In Solitude's Shadow by David Green
I don’t always go in for high fantasy. The made up words, fake languages, and complicated magic systems don’t always interest me. Sometimes, I find them more confusing than anything. David Green’s In Solitude’s Shadow, on the other hand, does a good job of being easy to follow without being too simple. The fantasy elements enhance the story rather than distract from it and that’s good because it’s an enjoyable story.
There are two main
threads being woven together here. Zanna lives in exile at a fortress called
Solitude meant to keep a race of people called the Banished at bay. Long
neglected and forgotten, the fortress isn’t prepared when a huge army of the
Banished appears at their doorstep with a mysterious purpose.
The second main story
tracks Calene, Zanna’s estranged daughter, and others as they make their
journey to Solitude to join the conflict there.
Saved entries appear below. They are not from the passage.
Lemma vx_vadd p q : vx (vadd p q) = vx p + vx q. Proof. reflexivity. Qed.
Lemma vy_vadd p q : vy (vadd p q) = vy p + vy q. Proof. reflexivity. Qed.
Lemma vz_vadd p q : vz (vadd p q) = vz p + vz q. Proof. reflexivity. Qed.
Lemma vx_vsub p q : vx (vsub p q) = vx p - vx q. Proof. reflexivity. Qed.
Lemma vy_vsub p q : vy (vsub p q) = vy p - vy q. Proof. reflexivity. Qed.
Lemma vz_vsub p q : vz (vsub p q) = vz p - vz q. Proof. reflexivity. Qed.
Lemma vx_vscale a p : vx (vscale a p) = a * vx p. Proof. reflexivity. Qed.
Lemma vy_vscale a p : vy (vscale a p) = a * vy p. Proof. reflexivity. Qed.
Lemma vz_vscale a p : vz (vscale a p) = a * vz p. Proof. reflexivity. Qed.
Lemma vx_triple a b c : vx (a, b, c) = a. Proof. reflexivity. Qed.
Lemma vy_triple a b c : vy (a, b, c) = b. Proof. reflexivity. Qed.
Lemma vz_triple a b c : vz (a, b, c) = c. Proof. reflexivity. Qed.

#[local] Hint Rewrite vx_vadd vy_vadd vz_vadd vx_vsub vy_vsub vz_vsub
  vx_vscale vy_vscale vz_vscale vx_triple vy_triple vz_triple : vcoord.

Lemma V3_ext (p q : V3) : vx p = vx q -> vy p = vy q -> vz p = vz q -> p = q.
Proof. destruct p as [[x y] z], q as [[x' y'] z']; cbn; intros -> -> ->; reflexivity. Qed.

Definition vnorm2 (p : V3) : R := vx p ^ 2 + vy p ^ 2 + vz p ^ 2.
Definition hnorm2 (p : V3) : R := vx p ^ 2 + vy p ^ 2.

Definition lincomb3 (c1 c2 c3 x : V3) : V3 :=
  vadd (vadd (vscale (vx x) c1) (vscale (vy x) c2)) (vscale (vz x) c3).

Lemma vnorm_le_scaled (K : R) (p q : V3) :
  0 <= K -> vnorm2 p <= K * vnorm2 q -> vnorm p <= sqrt K * vnorm q.
Proof.
  intros HK Hpq; unfold vnorm.
  rewrite <- sqrt_mult_alt by exact HK.
  exact (sqrt_le_1_alt _ _ Hpq).
Qed.

Lemma det2_sq_le (a1 a2 b1 b2 : R) :
  (a1 * b2 - a2 * b1) ^ 2 <= (a1 ^ 2 + a2 ^ 2) * (b1 ^ 2 + b2 ^ 2).
Proof.
  assert (Lagrange : (a1 * b2 - a2 * b1) ^ 2 + (a1 * b1 + a2 * b2) ^ 2
                     = (a1 ^ 2 + a2 ^ 2) * (b1 ^ 2 + b2 ^ 2)) by ring.
  pose proof (pow2_ge_0 (a1 * b1 + a2 * b2)); lra.
Qed.

Lemma cauchy_schwarz3 (x1 x2 x3 y1 y2 y3 : R) :
  (x1 * y1 + x2 * y2 + x3 * y3) ^ 2
  <= (x1 ^ 2 + x2 ^ 2 + x3 ^ 2) * (y1 ^ 2 + y2 ^ 2 + y3 ^ 2).
Proof.
  assert (Lagrange :
    (x1 ^ 2 + x2 ^ 2 + x3 ^ 2) * (y1 ^ 2 + y2 ^ 2 + y3 ^ 2)
    - (x1 * y1 + x2 * y2 + x3 * y3) ^ 2
    = (x1 * y2 - x2 * y1) ^ 2 + (x1 * y3 - x3 * y1) ^ 2 + (x2 * y3 - x3 * y2) ^ 2)
    by ring.
  pose proof (pow2_ge_0 (x1 * y2 - x2 * y1)).
  pose proof (pow2_ge_0 (x1 * y3 - x3 * y1)).
  pose proof (pow2_ge_0 (x2 * y3 - x3 * y2)).
  lra.
Qed.

(* Cramer's rule: a * det = [E, w] and b * det = [v, E] for E = a v + b w. *)
Lemma det2_inverse_bound (J M v1 v2 w1 w2 a b : R) :
  0 < J -> J <= v1 * w2 - v2 * w1 ->
  v1 ^ 2 + v2 ^ 2 <= M -> w1 ^ 2 + w2 ^ 2 <= M ->
  J ^ 2 * (a ^ 2 + b ^ 2)
  <= 2 * M * ((a * v1 + b * w1) ^ 2 + (a * v2 + b * w2) ^ 2).
Proof.
  intros HJ Hdet Hv Hw.
  set (E1 := a * v1 + b * w1); set (E2 := a * v2 + b * w2).
  set (det := v1 * w2 - v2 * w1).
  assert (HE : 0 <= E1 ^ 2 + E2 ^ 2) by nra.
  assert (HJdet : J ^ 2 <= det ^ 2).
  { assert (0 <= (det - J) * (det + J)) by (apply Rmult_le_pos; unfold det; lra).
    nra. }
  assert (Ha : (a * det) ^ 2 <= (E1 ^ 2 + E2 ^ 2) * M).
  { replace (a * det) with (E1 * w2 - E2 * w1) by (unfold E1, E2, det; ring).
    pose proof (det2_sq_le E1 E2 w1 w2).
    pose proof (Rmult_le_compat_l _ _ _ HE Hw); lra. }
  assert (Hb : (b * det) ^ 2 <= (E1 ^ 2 + E2 ^ 2) * M).
  { replace (b * det) with (v1 * E2 - v2 * E1) by (unfold E1, E2, det; ring).
    pose proof (det2_sq_le v1 v2 E1 E2).
    pose proof (Rmult_le_compat_l _ _ _ HE Hv); lra. }
  assert (Hab : 0 <= a ^ 2 + b ^ 2) by nra.
  pose proof (Rmult_le_compat_r _ _ _ Hab HJdet); nra.
Qed.

Definition shear_bilip_const (J M : R) : R := 4 * M * (1 + M) / J ^ 2 + 3 * M + 1.

Lemma shear_bilip_const_ge (J M : R) :
  0 < J -> 0 <= M ->
  3 * M + 1 <= shear_bilip_const J M
  /\ 4 * M * (1 + M) + J ^ 2 <= J ^ 2 * shear_bilip_const J M.
Proof.
  intros HJ HM; unfold shear_bilip_const; split.
  - assert (0 <= 4 * M * (1 + M) / J ^ 2); [| lra].
    apply Rmult_le_pos; [nra | apply Rlt_le, Rinv_0_lt_compat; nra].
  - replace (J ^ 2 * _) with (4 * M * (1 + M) + J ^ 2 * (3 * M + 1)) by (field; lra).
    nra.
Qed.

Section ShearMatrix.

Variables (c1 c2 c3 : V3) (M : R).
Hypotheses (Hz1 : vz c1 = 0) (Hz2 : vz c2 = 0) (Hz3 : vz c3 = 1).
Hypotheses (Hc1 : hnorm2 c1 <= M) (Hc2 : hnorm2 c2 <= M) (Hc3 : hnorm2 c3 <= M).

Lemma vx_lincomb3 x : vx (lincomb3 c1 c2 c3 x) = vx x * vx c1 + vy x * vx c2 + vz x * vx c3.
Proof. unfold lincomb3; autorewrite with vcoord; ring. Qed.

Lemma vy_lincomb3 x : vy (lincomb3 c1 c2 c3 x) = vx x * vy c1 + vy x * vy c2 + vz x * vy c3.
Proof. unfold lincomb3; autorewrite with vcoord; ring. Qed.

Lemma vz_lincomb3 x : vz (lincomb3 c1 c2 c3 x) = vz x.
Proof. unfold lincomb3; autorewrite with vcoord; rewrite Hz1, Hz2, Hz3; ring. Qed.

Lemma lincomb3_norm2_le x :
  vnorm2 (lincomb3 c1 c2 c3 x) <= (3 * M + 1) * vnorm2 x.
Proof.
  unfold vnorm2, hnorm2 in *; rewrite vx_lincomb3, vy_lincomb3, vz_lincomb3.
  pose proof (cauchy_schwarz3 (vx x) (vy x) (vz x) (vx c1) (vx c2) (vx c3)).
  pose proof (cauchy_schwarz3 (vx x) (vy x) (vz x) (vy c1) (vy c2) (vy c3)).
  assert (Hx : 0 <= vx x ^ 2 + vy x ^ 2 + vz x ^ 2) by nra.
  assert (Hcols : vx c1 ^ 2 + vx c2 ^ 2 + vx c3 ^ 2 + (vy c1 ^ 2 + vy c2 ^ 2 + vy c3 ^ 2)
                  <= 3 * M) by lra.
  pose proof (Rmult_le_compat_l _ _ _ Hx Hcols); nra.
Qed.

Lemma lincomb3_norm2_ge (J : R) x :
  0 < J -> J <= det2 c1 c2 ->
  J ^ 2 * vnorm2 x <= (4 * M * (1 + M) + J ^ 2) * vnorm2 (lincomb3 c1 c2 c3 x).
Proof.
  intros HJ Hdet.
  assert (HM : 0 <= M) by (unfold hnorm2 in Hc1; nra).
  unfold vnorm2, hnorm2, det2 in *; rewrite vx_lincomb3, vy_lincomb3, vz_lincomb3.
  set (a := vx x); set (b := vy x); set (du := vz x).
  set (D1 := a * vx c1 + b * vx c2 + du * vx c3).
  set (D2 := a * vy c1 + b * vy c2 + du * vy c3).
  assert (Hhoriz : J ^ 2 * (a ^ 2 + b ^ 2)
                   <= 2 * M * ((D1 - du * vx c3) ^ 2 + (D2 - du * vy c3) ^ 2)).
  { replace (D1 - du * vx c3) with (a * vx c1 + b * vx c2) by (unfold D1; ring).
    replace (D2 - du * vy c3) with (a * vy c1 + b * vy c2) by (unfold D2; ring).
    exact (det2_inverse_bound J M _ _ _ _ a b HJ Hdet Hc1 Hc2). }
  assert (Hshift : (D1 - du * vx c3) ^ 2 + (D2 - du * vy c3) ^ 2
                   <= 2 * (D1 ^ 2 + D2 ^ 2) + 2 * M * du ^ 2).
  { pose proof (pow2_ge_0 (D1 + du * vx c3)); pose proof (pow2_ge_0 (D2 + du * vy c3)).
    assert (Hdu : 0 <= du ^ 2) by nra.
    pose proof (Rmult_le_compat_l _ _ _ Hdu Hc3); nra. }
  assert (HD : 0 <= D1 ^ 2 + D2 ^ 2) by nra.
  assert (0 <= M * (D1 ^ 2 + D2 ^ 2)) by nra.
  assert (0 <= M * du ^ 2) by nra.
  nra.
Qed.

Lemma lincomb3_bilipschitz (J : R) x :
  0 < J -> J <= det2 c1 c2 ->
  let K := shear_bilip_const J M in
  vnorm x <= sqrt K * vnorm (lincomb3 c1 c2 c3 x)
  /\ vnorm (lincomb3 c1 c2 c3 x) <= sqrt K * vnorm x.
Proof.
  intros HJ Hdet K.
  assert (HM : 0 <= M) by (unfold hnorm2 in Hc1; nra).
  destruct (shear_bilip_const_ge J M HJ HM) as [HKup HKlow]; fold K in HKup, HKlow.
  assert (HK : 0 <= K) by lra.
  assert (Hx : 0 <= vnorm2 x) by (unfold vnorm2; nra).
  assert (HAx : 0 <= vnorm2 (lincomb3 c1 c2 c3 x)) by (unfold vnorm2; nra).
  split; apply vnorm_le_scaled; try exact HK.
  - apply Rmult_le_reg_l with (J ^ 2); [nra |].
    pose proof (lincomb3_norm2_ge J x HJ Hdet).
    pose proof (Rmult_le_compat_r _ _ _ HAx HKlow); nra.
  - pose proof (lincomb3_norm2_le x).
    pose proof (Rmult_le_compat_r _ _ _ Hx HKup); lra.
Qed.

End ShearMatrix.

(* Exact, since s t - s' t' = (s - s') (t + t') / 2 + (t - t') (s + s') / 2. *)
Lemma Bmap_sub (P0 P1 : nat -> V3) (s t u s' t' u' : R) :
  vsub (Bmap P0 P1 s t u) (Bmap P0 P1 s' t' u')
  = lincomb3 (vfun (Pu P0 P1 u) ((t + t') / 2)) (wfun (Pu P0 P1 u) ((s + s') / 2))
             (arrow (Qfun P0 s' t') (Qfun P1 s' t')) (vsub (s, t, u) (s', t', u')).
Proof.
  unfold Bmap, Qfun, vfun, wfun, Pu, lincomb3, arrow.
  apply V3_ext; autorewrite with vcoord; field.
Qed.

Lemma det2_vfun_wfun (Q : nat -> V3) (s t : R) :
  let c j := det2 (arrow (Q j) (Q ((j + 1) mod 4)%nat)) (arrow (Q j) (Q ((j + 3) mod 4)%nat)) in
  det2 (vfun Q t) (wfun Q s)
  = (1 - s) * (1 - t) * c 0%nat + s * (1 - t) * c 1%nat
    + s * t * c 2%nat + (1 - s) * t * c 3%nat.
Proof.
  simpl; unfold det2, vfun, wfun, arrow; autorewrite with vcoord; ring.
Qed.

Lemma det2_vfun_wfun_ge (Q : nat -> V3) (J s t : R) :
  in01 s -> in01 t ->
  (forall j : nat, (j < 4)%nat ->
     J <= det2 (arrow (Q j) (Q ((j + 1) mod 4)%nat)) (arrow (Q j) (Q ((j + 3) mod 4)%nat))) ->
  J <= det2 (vfun Q t) (wfun Q s).
Proof.
  intros [Hs0 Hs1] [Ht0 Ht1] Hc.
  rewrite det2_vfun_wfun; cbv zeta.
  pose proof (Hc 0%nat ltac:(lia)); pose proof (Hc 1%nat ltac:(lia)).
  pose proof (Hc 2%nat ltac:(lia)); pose proof (Hc 3%nat ltac:(lia)).
  assert (Hw0 : 0 <= (1 - s) * (1 - t)) by nra.
  assert (Hw1 : 0 <= s * (1 - t)) by nra.
  assert (Hw2 : 0 <= s * t) by nra.
  assert (Hw3 : 0 <= (1 - s) * t) by nra.
  nra.
Qed.

Section Heights.

Variables (Q : nat -> V3) (c : R).
Hypothesis HQ : forall j : nat, (j < 4)%nat -> vz (Q j) = c.

Lemma vz_vfun t : vz (vfun Q t) = 0.
Proof. unfold vfun, arrow; autorewrite with vcoord; rewrite !HQ by lia; ring. Qed.

Lemma vz_wfun s : vz (wfun Q s) = 0.
Proof. unfold wfun, arrow; autorewrite with vcoord; rewrite !HQ by lia; ring. Qed.

Lemma vz_Qfun s t : vz (Qfun Q s t) = c.
Proof. unfold Qfun, vfun, wfun, arrow; autorewrite with vcoord; rewrite !HQ by lia; ring. Qed.

End Heights.

Lemma vz_Pu (P0 P1 : nat -> V3) (u : R) (j : nat) :
  vz (P0 j) = 0 /\ vz (P1 j) = 1 -> vz (Pu P0 P1 u j) = u.
Proof. intros [Hz0 Hz1]; unfold Pu; autorewrite with vcoord; rewrite Hz0, Hz1; ring. Qed.

Definition hbound (C : R) (p : V3) : Prop := Rabs (vx p) <= C /\ Rabs (vy p) <= C.

Lemma hnorm2_le_of_hbound (C : R) (p : V3) : hbound C p -> hnorm2 p <= 2 * C ^ 2.
Proof.
  intros [Hx Hy]; unfold hnorm2.
  pose proof (pow_maj_Rabs _ _ 2 Hx); pose proof (pow_maj_Rabs _ _ 2 Hy); lra.
Qed.

Lemma Rabs_lerp_le (C u a b : R) :
  in01 u -> Rabs a <= C -> Rabs b <= C -> Rabs ((1 - u) * a + u * b) <= C.
Proof.
  intros [Hu0 Hu1] Ha Hb.
  eapply Rle_trans; [apply Rabs_triang |].
  rewrite !Rabs_mult, (Rabs_pos_eq u), (Rabs_pos_eq (1 - u)) by lra.
  nra.
Qed.

Lemma hbound_lerp (C u : R) (p q : V3) :
  in01 u -> hbound C p -> hbound C q -> hbound C (vadd (vscale (1 - u) p) (vscale u q)).
Proof.
  intros Hu [Hpx Hpy] [Hqx Hqy]; unfold hbound; autorewrite with vcoord.
  split; apply Rabs_lerp_le; assumption.
Qed.

Lemma hbound_arrow (C : R) (p q : V3) : hbound C p -> hbound C q -> hbound (2 * C) (arrow p q).
Proof.
  intros [Hpx Hpy] [Hqx Hqy]; unfold hbound, arrow; autorewrite with vcoord.
  unfold Rminus; split; eapply Rle_trans; try apply Rabs_triang; rewrite Rabs_Ropp; lra.
Qed.

Lemma Qfun_bilerp (Q : nat -> V3) (s t : R) :
  Qfun Q s t
  = vadd (vscale (1 - t) (vadd (vscale (1 - s) (Q 0%nat)) (vscale s (Q 1%nat))))
         (vscale t (vadd (vscale (1 - s) (Q 3%nat)) (vscale s (Q 2%nat)))).
Proof.
  unfold Qfun, vfun, wfun, arrow; apply V3_ext; autorewrite with vcoord; ring.
Qed.

Section BoundedQuadrilateral.

Variables (Q : nat -> V3) (C : R).
Hypothesis HQ : forall j : nat, (j < 4)%nat -> hbound C (Q j).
Both women are compelling
characters and the nature of their estrangement is one of those wonderfully
complex issues where a reader can sympathize with both points of view.
The overall conflict
in this world is one that is all too human and much too familiar – distrust in
and fear of those who are different than us. Long ago, humans and elves fought
side by side against the Banished, but that alliance has crumbled in the years
since. Centuries of war, slavery, and genocide now separate the humans and
elves, and the characters in our story are forced to confront these issues head
on in their lives.
This is the first book
in a series. There are definitely some loose ends to be tied up, but the book
still feels like a complete story on its own. I enjoyed this book immensely and
look forward to the next installment.